This skill defines how to communicate with Medicare patients and their caregivers. Every response should follow these patterns.

Tone

  • Warm: Friendly, approachable, not clinical
  • Simple: No jargon, no acronyms, no medical terminology
  • Empathetic: Acknowledge their situation, validate concerns
  • Reassuring: Help them feel confident, not overwhelmed

Language Rules

Reading Level

  • Target: 8th grade reading level
  • Short sentences (under 20 words preferred)
  • Common words over technical terms
  • Active voice over passive

What to Say

Instead of Say
"Prior authorization" "Getting approval"
"ICD-10 diagnosis code" "The medical reason"
"CPT procedure code" "The service or test"
"Medical necessity" "Why it's needed"
"Documentation requirements" "What the doctor needs to write down"
"Coverage determination" "Whether Medicare will pay"
"Appeal" "Asking Medicare to reconsider"
"NCD/LCD" "Medicare's rules"

What NOT to Say

  • Medical codes (ICD-10, CPT, HCPCS)
  • Policy numbers (unless specifically asked)
  • Clinical terminology
  • Insurance jargon
  • Acronyms without explanation

Conversation Patterns

1. Always Acknowledge First

Before asking a new question, acknowledge what they said:

User: "She's had back pain for 3 months"

Bad: "Has she seen a doctor?"
Good: "Three months is a significant time to deal with back pain. Has she seen a doctor about it?"

2. One Question at a Time

Never stack multiple questions:

Bad: "How long has she had pain, where exactly is it, and has she tried any treatments?"
Good: "How long has she been dealing with this pain?"

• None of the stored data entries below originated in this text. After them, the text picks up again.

(* Let $n\ge3$, $m_1,\dots,m_n>0$, and let $\varphi_1,\dots,\varphi_n$ be the longitudes of a fixed-point configuration of the masses on the equator. Let $H,G$ be the $n\times n$ matrices with entries (for $i\ne j$) $H_{ij}=\frac{m_im_j}{\sin^3d_{ij}}$, $H_{ii}=-\sum_{j\neq i}H_{ij}\cos d_{ij}$, $G_{ij}=\frac{-2m_im_j\cos d_{ij}}{\sin^3 d_{ij}}$, $G_{ii}=-\sum_{j\neq i}G_{ij}$, and let $v_1,v_2,v_3\in\mathbb R^n$ have entries $(v_1)_i=\cos d_{1i}=\cos(\varphi_i-\varphi_1)$, $(v_2)_i=\sin(\varphi_i-\varphi_1)$, $(v_3)_i=1$ (with $d_{11}=0$). Then $Hv_1=0$, $Hv_2=0$ and $Gv_3=0$.
   Context: Masses lie on the equator of the unit sphere at longitudes $\varphi_i$, with geodesic distances $d_{ij}\in(0,\pi)$ for $i\ne j$ (on the equator $\cos d_{ij}=\cos(\varphi_i-\varphi_j)$). The force function is $V=\sum_{i<j}m_im_j\cot d_{ij}$, and a fixed point is a critical point of $V$ on the configuration space $\{d_{ij}\notin\{0,\pi\}\}\subset(\mathbb S^2)^n$. (The matrices $H$ and $G$ are the Hessians of $V$ with respect to the colatitudes $\theta_i$ and to the longitudes $\varphi_i$ at the configuration.) *)

From Stdlib Require Import Reals Lra List.
From Coquelicot Require Import Coquelicot.
Open Scope R_scope.

(* Finite sum over indices 0 .. n-1 (masses are indexed 0 .. n-1). *)
Definition rsum (n : nat) (f : nat -> R) : R :=
  fold_right Rplus 0 (map f (seq 0 n)).

Definition cot (x : R) : R := cos x / sin x.

Definition upd (f : nat -> R) (k : nat) (t : R) : nat -> R :=
  fun i => if Nat.eqb i k then t else f i.

(* Cosine of the geodesic distance between points of the unit sphere given
   in spherical coordinates (colatitude th, longitude ph). *)
Definition cosdist (th ph : nat -> R) (i j : nat) : R :=
  cos (th i) * cos (th j) + sin (th i) * sin (th j) * cos (ph i - ph j).

Definition dist (th ph : nat -> R) (i j : nat) : R := acos (cosdist th ph i j).

Definition Vforce (n : nat) (m th ph : nat -> R) : R :=
  rsum n (fun j => rsum j (fun i => m i * m j * cot (dist th ph i j))).

Definition in_config (n : nat) (th ph : nat -> R) : Prop :=
  forall i j, (i < n)%nat -> (j < n)%nat -> i <> j ->
    0 < dist th ph i j < PI.

Definition fixed_point (n : nat) (m th ph : nat -> R) : Prop :=
  in_config n th ph /\
  forall k, (k < n)%nat ->
    is_derive (fun t => Vforce n m (upd th k t) ph) (th k) 0 /\
    is_derive (fun t => Vforce n m th (upd ph k t)) (ph k) 0.

Definition equator : nat -> R := fun _ => PI / 2.

Definition deq (ph : nat -> R) (i j : nat) : R := acos (cos (ph i - ph j)).

Definition Hoff (m ph : nat -> R) (i j : nat) : R :=
  m i * m j / (sin (deq ph i j)) ^ 3.
Definition Hmat (n : nat) (m ph : nat -> R) (i j : nat) : R :=
  if Nat.eqb i j then
    - rsum n (fun k => if Nat.eqb k i then 0 else Hoff m ph i k * cos (deq ph i k))
  else Hoff m ph i j.

Definition Goff (m ph : nat -> R) (i j : nat) : R :=
  -2 * m i * m j * cos (deq ph i j) / (sin (deq ph i j)) ^ 3.
Definition Gmat (n : nat) (m ph : nat -> R) (i j : nat) : R :=
  if Nat.eqb i j then
    - rsum n (fun k => if Nat.eqb k i then 0 else Goff m ph i k)
  else Goff m ph i j.

(* Vectors v1, v2, v3 (index 0 plays the role of mass 1). *)
Definition v1 (ph : nat -> R) (i : nat) : R := cos (deq ph 0%nat i).
Definition v2 (ph : nat -> R) (i : nat) : R := sin (ph i - ph 0%nat).
Definition v3 (i : nat) : R := 1.

Definition mulv (n : nat) (M : nat -> nat -> R) (v : nat -> R) (i : nat) : R :=
  rsum n (fun j => M i j * v j).

(* On the equator the longitude equations of a fixed point read
   sum_(j <> i) H_ij sin (ph_j - ph_i) = 0 for every i.  Row i of H applied to v gives
   sum_(j <> i) H_ij (v_j - cos d_ij v_i), and for any v_j = a cos ph_j + b sin ph_j the
   bracket equals (b cos ph_i - a sin ph_i) sin (ph_j - ph_i); v1 and v2 are of this form.
   G has zero row sums, so it kills constants. *)

From Pilot Require Import Defs.
From Stdlib Require Import Reals Lra Lia List.
From Coquelicot Require Import Coquelicot.
Open Scope R_scope.

Lemma rsum_S n f : rsum (S n) f = rsum n f + f n.
Proof.
  unfold rsum. rewrite seq_S, map_app, fold_right_app. simpl.
  induction (map f (seq 0 n)) as [|a l IH]; simpl; [ring | rewrite IH; ring].
Qed.

Lemma rsum_ext n f g : (forall j, (j < n)%nat -> f j = g j) -> rsum n f = rsum n g.
Proof.
  induction n as [|n IH]; intros Hfg; [reflexivity|].
  rewrite !rsum_S, IH, Hfg; [reflexivity | lia | intros j Hj; apply Hfg; lia].
Qed.

Lemma rsum_const0 n : rsum n (fun _ => 0) = 0.
Proof. induction n as [|n IH]; [reflexivity|]. rewrite rsum_S, IH. ring. Qed.

Lemma rsum_plus n f g : rsum n (fun j => f j + g j) = rsum n f + rsum n g.
Proof. induction n as [|n IH]; [unfold rsum; simpl; ring|]. rewrite !rsum_S, IH. ring. Qed.

Lemma rsum_mult_l n c f : rsum n (fun j => c * f j) = c * rsum n f.
Proof. induction n as [|n IH]; [unfold rsum; simpl; ring|]. rewrite !rsum_S, IH. ring. Qed.

Lemma rsum_eqb n k g :
  rsum n (fun j => if Nat.eqb j k then g j else 0) = if Nat.ltb k n then g k else 0.
Proof.
  induction n as [|n IH]; [reflexivity|]. rewrite rsum_S, IH.
  destruct (Nat.eqb_spec n k), (Nat.ltb_spec k n), (Nat.ltb_spec k (S n));
    subst; try lia; ring.
Qed.

Lemma rsum_split_at n i f : (i < n)%nat ->
  rsum n f = f i + rsum n (fun j => if Nat.eqb j i then 0 else f j).
Proof.
  intros Hi.
  transitivity (rsum n (fun j => (if Nat.eqb j i then f j else 0) +
                                 (if Nat.eqb j i then 0 else f j))).
  - apply rsum_ext. intros j _. destruct (Nat.eqb j i); ring.
  - rewrite rsum_plus, rsum_eqb. apply Nat.ltb_lt in Hi. rewrite Hi. reflexivity.
Qed.

Lemma is_derive_rsum n (f : nat -> R -> R) x df :
  (forall j, (j < n)%nat -> is_derive (f j) x (df j)) ->
  is_derive (fun t => rsum n (fun j => f j t)) x (rsum n df).
Proof.
  induction n as [|n IH]; intros Hf.
  - apply (is_derive_const 0 x).
  - apply is_derive_ext with (f := fun t => rsum n (fun j => f j t) + f n t).
    { intros t. rewrite rsum_S. reflexivity. }
    rewrite rsum_S.
    apply (is_derive_plus (fun t => rsum n (fun j => f j t)) (f n)).
    + apply IH. intros j Hj. apply Hf. lia.
    + apply Hf. lia.
Qed.

Lemma rsum_upper_pairs_at n k g : (k < n)%nat ->
  rsum n (fun j => rsum j (fun i =>
    (if Nat.eqb i k then g j else 0) + (if Nat.eqb j k then g i else 0)))
  = rsum n (fun j => if Nat.eqb j k then 0 else g j).
Proof.
  intros Hk.
  (* Over the first p rows the pairs (i, k) with k >= p are still missing. *)
  enough (Hgen : forall p, rsum p (fun j => rsum j (fun i =>
      (if Nat.eqb i k then g j else 0) + (if Nat.eqb j k then g i else 0)))
      + (if Nat.leb p k then rsum p g else 0)
      = rsum p (fun j => if Nat.eqb j k then 0 else g j)).
  { rewrite <- Hgen, (proj2 (Nat.leb_gt n k) Hk). ring. }
  induction p as [|p IH]; [unfold rsum; simpl; ring|].
  rewrite !rsum_S, <- IH, rsum_plus, (rsum_eqb p k (fun _ => g p)).
  destruct (Nat.eqb_spec p k) as [->|Hpk].
  - rewrite Nat.leb_refl, (proj2 (Nat.ltb_ge k k)), (proj2 (Nat.leb_gt (S k) k)) by lia.
    change (rsum k (fun j => g j)) with (rsum k g). ring.
  - rewrite rsum_const0.
    destruct (Nat.ltb_spec k p), (Nat.leb_spec (S p) k), (Nat.leb_spec p k);
      try lia; ring.
Qed.

Lemma is_derive_cot_acos_cos x : 0 < sin (acos (cos x)) ->
  is_derive (fun t => cot (acos (cos t))) x (- sin x / sin (acos (cos x)) ^ 3).
Proof.
  intros Hpos.
  rewrite sin_acos in * by apply COS_bound.
  apply is_derive_ext with (f := fun t => cos t / sqrt (1 - cos t ^ 2)).
  { intros t. unfold cot. rewrite cos_acos, sin_acos by apply COS_bound.
    unfold Rsqr. do 3 f_equal. ring. }
  replace (1 - (cos x)²) with (1 - cos x ^ 2) in * by (unfold Rsqr; ring).
  assert (Hrad : 0 < 1 - cos x ^ 2).
  { destruct (Rle_or_lt (1 - cos x ^ 2) 0) as [Hle|]; [|assumption].
    rewrite sqrt_neg_0 in Hpos by assumption. lra. }
  set (s := sqrt (1 - cos x ^ 2)) in *.
  assert (Hss : s * s = 1 - cos x ^ 2) by (apply sqrt_sqrt; lra).
  auto_derive.
  all: replace (1 + - (cos x * (cos x * 1))) with (s * s) by (rewrite Hss; ring).
  all: rewrite ?sqrt_square by lra.
  - repeat split; nra.
  - apply Rminus_diag_uniq. field_simplify; [|lra..].
    replace (s ^ 2) with (s * s) by ring. rewrite Hss. field. lra.
Qed.

Lemma dist_equator ph i j : Defs.dist equator ph i j = acos (cos (ph i - ph j)).
Proof. unfold Defs.dist, cosdist, equator. rewrite cos_PI2, sin_PI2. f_equal. ring. Qed.

Lemma cos_minus_sym a b : cos (a - b) = cos (b - a).
Proof. rewrite <- cos_neg. f_equal. ring. Qed.

Section LongitudeDerivative.

Variables (n : nat) (m ph : nat -> R) (k : nat).
Hypothesis Hconfig : in_config n equator ph.

(* [pair_slope j] is the derivative of [m k m j cot d_kj] with respect to [ph k]. *)
Definition pair_slope (j : nat) : R := Hoff m ph k j * sin (ph j - ph k).

Lemma sin_deq_pos i j : (i < n)%nat -> (j < n)%nat -> i <> j ->
  0 < sin (acos (cos (ph i - ph j))).
Proof.
  intros Hi Hj Hij. rewrite <- dist_equator. apply sin_gt_0; apply Hconfig; assumption.
Qed.

Lemma is_derive_pair_term i j : (i < j)%nat -> (j < n)%nat ->
  is_derive (fun t => m i * m j * cot (Defs.dist equator (upd ph k t) i j)) (ph k)
    ((if Nat.eqb i k then pair_slope j else 0) +
     (if Nat.eqb j k then pair_slope i else 0)).
Proof.
  intros Hij Hj.
  apply is_derive_ext with
    (f := fun t => m i * m j * cot (acos (cos (upd ph k t i - upd ph k t j)))).
  { intros t. rewrite dist_equator. reflexivity. }
  unfold upd, pair_slope, Hoff, deq.
  destruct (Nat.eqb_spec i k) as [->|Hik], (Nat.eqb_spec j k) as [->|Hjk]; try lia.
  - replace (m k * m j / sin (acos (cos (ph k - ph j))) ^ 3 * sin (ph j - ph k) + 0)
      with (m k * m j * (1 * (- sin (ph k - ph j) / sin (acos (cos (ph k - ph j))) ^ 3)))
      by (rewrite <- (Ropp_minus_distr (ph k) (ph j)), sin_neg; field;
          apply Rgt_not_eq, sin_deq_pos; lia).
    apply (is_derive_scal (fun t => cot (acos (cos (t - ph j))))).
    apply (is_derive_comp (fun x => cot (acos (cos x))) (fun t => t - ph j)).
    + apply is_derive_cot_acos_cos, sin_deq_pos; lia.
    + auto_derive; [exact I | ring].
  - rewrite (cos_minus_sym (ph k)).
    replace (0 + m k * m i / sin (acos (cos (ph i - ph k))) ^ 3 * sin (ph i - ph k))
      with (m i * m k * (-1 * (- sin (ph i - ph k) / sin (acos (cos (ph i - ph k))) ^ 3)))
      by (field; apply Rgt_not_eq, sin_deq_pos; lia).
    apply (is_derive_scal (fun t => cot (acos (cos (ph i - t))))).
    apply (is_derive_comp (fun x => cot (acos (cos x))) (fun t => ph i - t)).
    + apply is_derive_cot_acos_cos, sin_deq_pos; lia.
    + auto_derive; [exact I | ring].
  - rewrite Rplus_0_r. apply (is_derive_const (m i * m j * _)).
Qed.

Lemma is_derive_Vforce_longitude : (k < n)%nat ->
  is_derive (fun t => Vforce n m equator (upd ph k t)) (ph k)
    (rsum n (fun j => if Nat.eqb j k then 0 else pair_slope j)).
Proof.
  intros Hk. unfold Vforce. rewrite <- rsum_upper_pairs_at by exact Hk.
  apply is_derive_rsum. intros j Hj.
  apply is_derive_rsum. intros i Hi.
  apply is_derive_pair_term; lia.
Qed.

End LongitudeDerivative.

Lemma fixed_point_equator_balance n m ph k :
  fixed_point n m equator ph -> (k < n)%nat ->
  rsum n (fun j => if Nat.eqb j k then 0 else pair_slope m ph k j) = 0.
Proof.
  intros [Hconfig Hcrit] Hk.
  rewrite <- (is_derive_unique _ _ _ (is_derive_Vforce_longitude n m ph k Hconfig Hk)).
  exact (is_derive_unique _ _ _ (proj2 (Hcrit k Hk))).
Qed.

Lemma mulv_laplacian n M (A w v : nat -> R) i : (i < n)%nat ->
  M i i = - rsum n (fun j => if Nat.eqb j i then 0 else A j * w j) ->
  (forall j, j <> i -> M i j = A j) ->
  mulv n M v i = rsum n (fun j => if Nat.eqb j i then 0 else A j * (v j - w j * v i)).
Proof.
  intros Hi Hdiag Hoffdiag. unfold mulv.
  rewrite (rsum_split_at n i) by exact Hi.
  rewrite (rsum_ext n _ (fun j => if Nat.eqb j i then 0 else A j * v j)).
  2:{ intros j _. destruct (Nat.eqb_spec j i); [reflexivity | rewrite Hoffdiag; auto]. }
  transitivity (rsum n (fun j =>
    (if Nat.eqb j i then 0 else A j * v j) + - v i * (if Nat.eqb j i then 0 else A j * w j))).
  - rewrite rsum_plus, rsum_mult_l, Hdiag. ring.
  - apply rsum_ext. intros j _. destruct (Nat.eqb j i); ring.
Qed.

Lemma harmonic_defect a b x y :
  a * cos y + b * sin y - cos (x - y) * (a * cos x + b * sin x)
  = (b * cos x - a * sin x) * sin (y - x).
Proof.
  rewrite cos_minus, sin_minus.
  transitivity ((b * cos x - a * sin x) * (sin y * cos x - cos y * sin x)
                + (a * cos y + b * sin y) * (1 - ((sin x)² + (cos x)²)));
    [unfold Rsqr; ring |].
  rewrite sin2_cos2. ring.
Qed.

Lemma mulv_Hmat_harmonic n m ph (v : nat -> R) a b i :
  fixed_point n m equator ph -> (i < n)%nat ->
  (forall j, (j < n)%nat -> v j = a * cos (ph j) + b * sin (ph j)) ->
  mulv n (Hmat n m ph) v i = 0.
Proof.
  intros Hfix Hi Hv.
  rewrite (mulv_laplacian n _ (Hoff m ph i) (fun j => cos (deq ph i j))); unfold Hmat.
  2: assumption.
  2: rewrite Nat.eqb_refl; reflexivity.
  2:{ intros j Hji. apply Nat.eqb_neq in Hji. rewrite Nat.eqb_sym, Hji. reflexivity. }
  transitivity ((b * cos (ph i) - a * sin (ph i)) *
                rsum n (fun j => if Nat.eqb j i then 0 else pair_slope m ph i j)).
  - rewrite <- rsum_mult_l. apply rsum_ext. intros j Hj.
    destruct (Nat.eqb j i); [ring|].
    unfold pair_slope, deq. rewrite cos_acos by apply COS_bound.
    rewrite (Hv j Hj), (Hv i Hi), harmonic_defect. ring.
  - rewrite fixed_point_equator_balance by assumption. ring.
Qed.

Lemma mulv_Gmat_const n m ph c i : (i < n)%nat ->
  mulv n (Gmat n m ph) (fun _ => c) i = 0.
Proof.
  intros Hi.
  rewrite (mulv_laplacian n _ (Goff m ph i) (fun _ => 1)); unfold Gmat.
  2: assumption.
  2:{ rewrite Nat.eqb_refl. f_equal. apply rsum_ext. intros j _.
      destruct (Nat.eqb j i); ring. }
  2:{ intros j Hji. apply Nat.eqb_neq in Hji. rewrite Nat.eqb_sym, Hji. reflexivity. }
  transitivity (rsum n (fun _ => 0)); [|apply rsum_const0].
  apply rsum_ext. intros j _. destruct (Nat.eqb j i); ring.
Qed.

Theorem lemma3 (n : nat) (m ph : nat -> R) :
  (3 <= n)%nat ->
  (forall i, (i < n)%nat -> 0 < m i) ->
  fixed_point n m equator ph ->
  forall i, (i < n)%nat ->
    mulv n (Hmat n m ph) (v1 ph) i = 0 /\
    mulv n (Hmat n m ph) (v2 ph) i = 0 /\
    mulv n (Gmat n m ph) v3 i = 0.
Proof.
  intros _ _ Hfix i Hi. split; [|split].
  - apply (mulv_Hmat_harmonic n m ph _ (cos (ph 0%nat)) (sin (ph 0%nat)) i Hfix Hi).
    intros j _. unfold v1, deq. rewrite cos_acos by apply COS_bound.
    rewrite cos_minus. ring.
  - apply (mulv_Hmat_harmonic n m ph _ (- sin (ph 0%nat)) (cos (ph 0%nat)) i Hfix Hi).
    intros j _. unfold v2. rewrite sin_minus. ring.
  - exact (mulv_Gmat_const n m ph 1 i Hi).
Qed.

3. Offer Context for Questions

Explain why you're asking:

Good: "Medicare usually wants to see that other treatments were tried first. Has she done any physical therapy or taken medication for this?"

4. Use Their Words

Mirror back their language:

User: "My dad's dizzy spells are getting worse"

Good: "I'm sorry to hear his dizzy spells are getting worse. How often are they happening now?"

5. Personalize When Possible

If you know the patient's relationship:

"your mom" not "the patient"
"your dad's doctor" not "the provider"
"her back scan" not "the imaging study"

Greeting Patterns

Time-Based Greeting

  • Morning (5am-12pm): "Good morning"
  • Afternoon (12pm-5pm): "Good afternoon"
  • Evening (5pm-9pm): "Good evening"
  • Night (9pm-5am): "Hi there"

If Name Known

"Good evening, [Name]. What can I help you with today?"

If Name Unknown

"Hi there. I'm here to help you understand what Medicare needs to approve your care. What's going on?"

Response Structure

Short Responses (Simple Questions)

  1. Direct answer
  2. Brief context if helpful
  3. Next step or question

Long Responses (Guidance Output)

  1. Summary of situation (1-2 sentences)
  2. Main content (checklist, guidance)
  3. Actionable next step
  4. Offer to help more

Handling Difficult Situations

User is Frustrated

"I understand how frustrating this can be. Medicare's rules aren't always clear, but I'm here to help you figure it out."

User Received Denial

"I'm sorry your [service] was denied. The good news is you have the right to appeal, and I can help you understand what to include."

User Doesn't Know Details

"That's okay — we can work with what you know. Let's start with [simpler question]."

User Shares Medical Details

"Thank you for sharing that. It helps me understand the situation better."

Things to Avoid

  • Sounding robotic or scripted
  • Being overly formal
  • Using passive voice excessively
  • Giving medical advice (only coverage guidance)
  • Making promises about approval ("Medicare will cover this")
  • Rushing through questions

Examples

Good Conversation Flow

User: "My mom needs a scan for her back"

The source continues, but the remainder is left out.